Toujours à la recherche de Salem Al Judran, les services de sécurité intérieure ont fait à diverses reprises irruption au domicile familial. Ces visites nocturnes ont cessé après l'extradition de Salem par les autorités nigériennes le 24 mars 2006. Depuis il a disparu.
La famille Al Judran n'a su le lieu de détention des quatre frères et du cousin qu'après de nombreuses démarches. Tous sont détenus à la prison de Abou Slim de Tripoli. Cette prison est située dans un complexe de la police militaire, dans la zone d'Abou Slim, une banlieue de Tripoli. Elle possède un statut pénitentiaire spécial car elle est dirigée par la Sécurité intérieure et non pas comme les autres prisons par le Comité populaire général de la Justice. Des centaines de prisonniers politiques y sont détenus.
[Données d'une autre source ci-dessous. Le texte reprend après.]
(* Let $n\ge 2$ be an integer, let $\lambda_n:=2^n/(2^n-1)$, and consider $\mathbb{R}^{2n+1}$ with points written as $(x_1,x_2,x_3,y_1,\dots,y_{n-1},z_1,\dots,z_{n-1})$. Let $$K_n:=\Big\{(x_1,x_2,x_3,y_1,\dots,y_{n-1},z_1,\dots,z_{n-1})\;\Big|\; x_3^2\ge y_1^2+z_1^2,\ x_3\ge 0,\ x_3y_i\ge y_{i+1}^2\ (i=1,\dots,n-2),\ x_3y_{n-1}\ge x_1^2,\ x_3z_i\ge z_{i+1}^2\ (i=1,\dots,n-2),\ x_3z_{n-1}\ge x_2^2\Big\},$$ a closed convex cone, and let $K_n^\circ$ be its polar cone. Let $u_1,u_2\ge 0$ be such that $v:=(u_1,u_2,-1,0,\dots,0)$ lies in the boundary of $K_n^\circ$. Then $$N_{K_n^\circ}(v)=\mathrm{cone}(w)=\{\alpha w:\alpha\ge 0\},$$ where $w:=\big(u_1^{\lambda_n/2^n},\,u_2^{\lambda_n/2^n},\,1,\,u_1^{\lambda_n/2^1},\dots,u_1^{\lambda_n/2^{n-1}},\,u_2^{\lambda_n/2^1},\dots,u_2^{\lambda_n/2^{n-1}}\big)$.
   Context: $\mathbb{R}^{2n+1}$ carries the standard Euclidean inner product. The polar cone of a cone $C$ is $C^\circ=\{v:\langle v,z\rangle\le 0\ \forall z\in C\}$. For a closed convex set $C$ and $\bar z\in C$, the normal cone is $N_C(\bar z)=\{v:\langle v,z-\bar z\rangle\le 0\ \forall z\in C\}$. *)

(* Points of R^(2n+1) are row vectors 'rV[R]_(2n+1)
   with the (product = Euclidean) topology of mathcomp-analysis. *)
From HB Require Import structures.
From mathcomp Require Import all_boot all_order all_algebra.
From mathcomp Require Import all_classical all_reals all_analysis.
Set Implicit Arguments. Unset Strict Implicit. Unset Printing Implicit Defensive.
Import Order.TTheory GRing.Theory Num.Theory.
Import numFieldNormedType.Exports.
Local Open Scope classical_set_scope.
Local Open Scope ring_scope.

Section Defs.
Variable R : realType.

Definition dotv (k : nat) (u v : 'rV[R]_k) : R := \sum_(i < k) u 0 i * v 0 i.

Definition polar_cone (k : nat) (C : set 'rV[R]_k) : set 'rV[R]_k :=
  [set v | forall z, C z -> dotv v z <= 0].

Definition normal_cone (k : nat) (C : set 'rV[R]_k) (zb : 'rV[R]_k) : set 'rV[R]_k :=
  [set v | forall z, C z -> dotv v (z - zb) <= 0].

Definition boundary (k : nat) (A : set 'rV[R]_k) : set 'rV[R]_k :=
  closure A `\` interior A.

(* coordinates: index 0,1,2 = x1,x2,x3 ; 2+i = y_i (1<=i<=n-1) ;
   n+1+i = z_i (1<=i<=n-1) *)
Definition cX1 n (p : 'rV[R]_(2*n).+1) : R := p 0 (inord 0).
Definition cX2 n (p : 'rV[R]_(2*n).+1) : R := p 0 (inord 1).
Definition cX3 n (p : 'rV[R]_(2*n).+1) : R := p 0 (inord 2).
Definition cY n (p : 'rV[R]_(2*n).+1) (i : nat) : R := p 0 (inord (2 + i)).
Definition cZ n (p : 'rV[R]_(2*n).+1) (i : nat) : R := p 0 (inord (n + 1 + i)).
La famille Al Judran n'a toutefois pas pu constituer d'avocat pour défendre ses enfants car aucun n'a accepté de prendre en charge le dossier en raison de l'inexistence d'une procédure légale ou de poursuite judiciaire. Les quatre frères et le cousin ont été traduits devant un tribunal spécial de Tripoli qui relève d'une juridiction d'exception ne garantissant pas aux accusés les garanties minimum d'un procès équitable, public, respectant le droit à la défense.
Ce n'est que dans le courant du mois d'août 2006 que les familles ont appris que leurs fils avaient été condamnés à la réclusion à perpétuité pour Ibrahim et Oussama, à dix années pour Meftah et Jamel et à deux années pour Senouci Ali. L'accusation retenue contre eux est d'avoir "entretenu des relations avec des opposants libyens à l'étranger". En réalité ils n'avaient été en contact qu'avec leur frère qui se trouvait en Mauritanie à ce moment.
Ibrahim, Oussama, Jamel, Meftah et Ali Senouci Al Judran n'avaient pas été informés des raisons de leur arrestation; n'ont jamais reçu notification des accusations portées contre eux, n'ont pas été traduits dans le plus court délai devant un juge, n'ont pas pu bénéficier de la possibilité d'introduire un recours pour contester la légalité de leur détention et n'ont pas été jugés lors d'un procès équitable et public. Ils ont tous été détenus au secret et gravement torturés
Quant à Salem Al Judran, il est victime d'une disparition forcée depuis son extradition du Niger le 24 mars 2006. Il aurait été vu par des détenus de la prison d'Esseka transférés à la prison d'abou Slim le 25 mars 2006. Depuis donc près de 14 mois, la famille est sans nouvelle de lui.
Alkarama for Human Rights demande aux groupes de travail sur la détention arbitraire, sur les disparitions forcées et le rapporteur spécial sur la torture de vérifier qu'il y a eu violation de nombreux articles du Pacte international relatif aux droits civils et politiques ratifié par le gouvernement libyen le 15 mai 1970 ainsi que la convention contre la torture ratifiée le 16 mai 1989.